--- Required action ---
Your response should contain every record below, copied exactly.

--- Provided records ---

Lemma minimal_chain_gen_ordE u : minimal_chain_gen u <->
  exists i (phi : 'I_i.+1 -> P),
    [/\ isotone_ord phi, phi ord_max \in Ipre alpha i,
        forall j : 'I_i.+1, (j < i)%N -> phi j \notin Ipre alpha j & u = m_phi k phi].
Proof.
split=> -[i].
  case=> f [cf le_alpha notI ->]; exists i, (fun j => f j); split=> //.
    exact: chain_isotone_ord.
  by move=> j /notI; rewrite -ltnNge.
case=> phi [phi_isotone le_alpha notI ->].
have [f [cf f_phi ->]] := isotone_ord_chain phi_isotone.
exists i, f; split=> //; first by rewrite (f_phi ord_max).
move=> j lt_ji; have := notI (Ordinal (leqW lt_ji)) lt_ji.
by rewrite -f_phi -ltnNge.
Qed.

End PrincipalLetterplace.

End Letterplace.

Theorem theorem4p7 (k : fieldType) (d : Order.disp_t) (P : finPOrderType d)
    (alpha : P -> nat) (Halpha : isotone alpha) :
  (forall f : polyring k (P * nat)%type,
      letterplace_alpha k alpha f <->
      ideal_gen (fun g => exists (i : nat) (phi : 'I_i.+1 -> P),
                   [/\ isotone_ord phi, phi ord_max \in Ipre alpha i
                     & g = m_phi k phi]) f)
  /\
  (forall f : polyring k (P * nat)%type,
      minimal_generators (letterplace_alpha k alpha) f <->
      exists (i : nat) (phi : 'I_i.+1 -> P),
        [/\ isotone_ord phi, phi ord_max \in Ipre alpha i,
            (forall j : 'I_i.+1, (j < i)%N -> phi j \notin Ipre alpha j)
          & f = m_phi k phi]).
Proof.
split=> u.
  rewrite (letterplace_alphaE Halpha); exact: eq_ideal_gen (chain_gen_ordE alpha) u.
rewrite (minimal_generators_letterplace_alpha Halpha); exact: minimal_chain_gen_ordE.
Qed.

--- Output for this task ---
Lemma minimal_chain_gen_ordE u : minimal_chain_gen u <->
  exists i (phi : 'I_i.+1 -> P),
    [/\ isotone_ord phi, phi ord_max \in Ipre alpha i,
        forall j : 'I_i.+1, (j < i)%N -> phi j \notin Ipre alpha j & u = m_phi k phi].
Proof.
split=> -[i].
  case=> f [cf le_alpha notI ->]; exists i, (fun j => f j); split=> //.
    exact: chain_isotone_ord.
  by move=> j /notI; rewrite -ltnNge.
case=> phi [phi_isotone le_alpha notI ->].
have [f [cf f_phi ->]] := isotone_ord_chain phi_isotone.
exists i, f; split=> //; first by rewrite (f_phi ord_max).
move=> j lt_ji; have := notI (Ordinal (leqW lt_ji)) lt_ji.
by rewrite -f_phi -ltnNge.
Qed.

End PrincipalLetterplace.

End Letterplace.

Theorem theorem4p7 (k : fieldType) (d : Order.disp_t) (P : finPOrderType d)
    (alpha : P -> nat) (Halpha : isotone alpha) :
  (forall f : polyring k (P * nat)%type,
      letterplace_alpha k alpha f <->
      ideal_gen (fun g => exists (i : nat) (phi : 'I_i.+1 -> P),
                   [/\ isotone_ord phi, phi ord_max \in Ipre alpha i
                     & g = m_phi k phi]) f)
  /\
  (forall f : polyring k (P * nat)%type,
      minimal_generators (letterplace_alpha k alpha) f <->
      exists (i : nat) (phi : 'I_i.+1 -> P),
        [/\ isotone_ord phi, phi ord_max \in Ipre alpha i,
            (forall j : 'I_i.+1, (j < i)%N -> phi j \notin Ipre alpha j)
          & f = m_phi k phi]).
Proof.
split=> u.
  rewrite (letterplace_alphaE Halpha); exact: eq_ideal_gen (chain_gen_ordE alpha) u.
rewrite (minimal_generators_letterplace_alpha Halpha); exact: minimal_chain_gen_ordE.
Qed.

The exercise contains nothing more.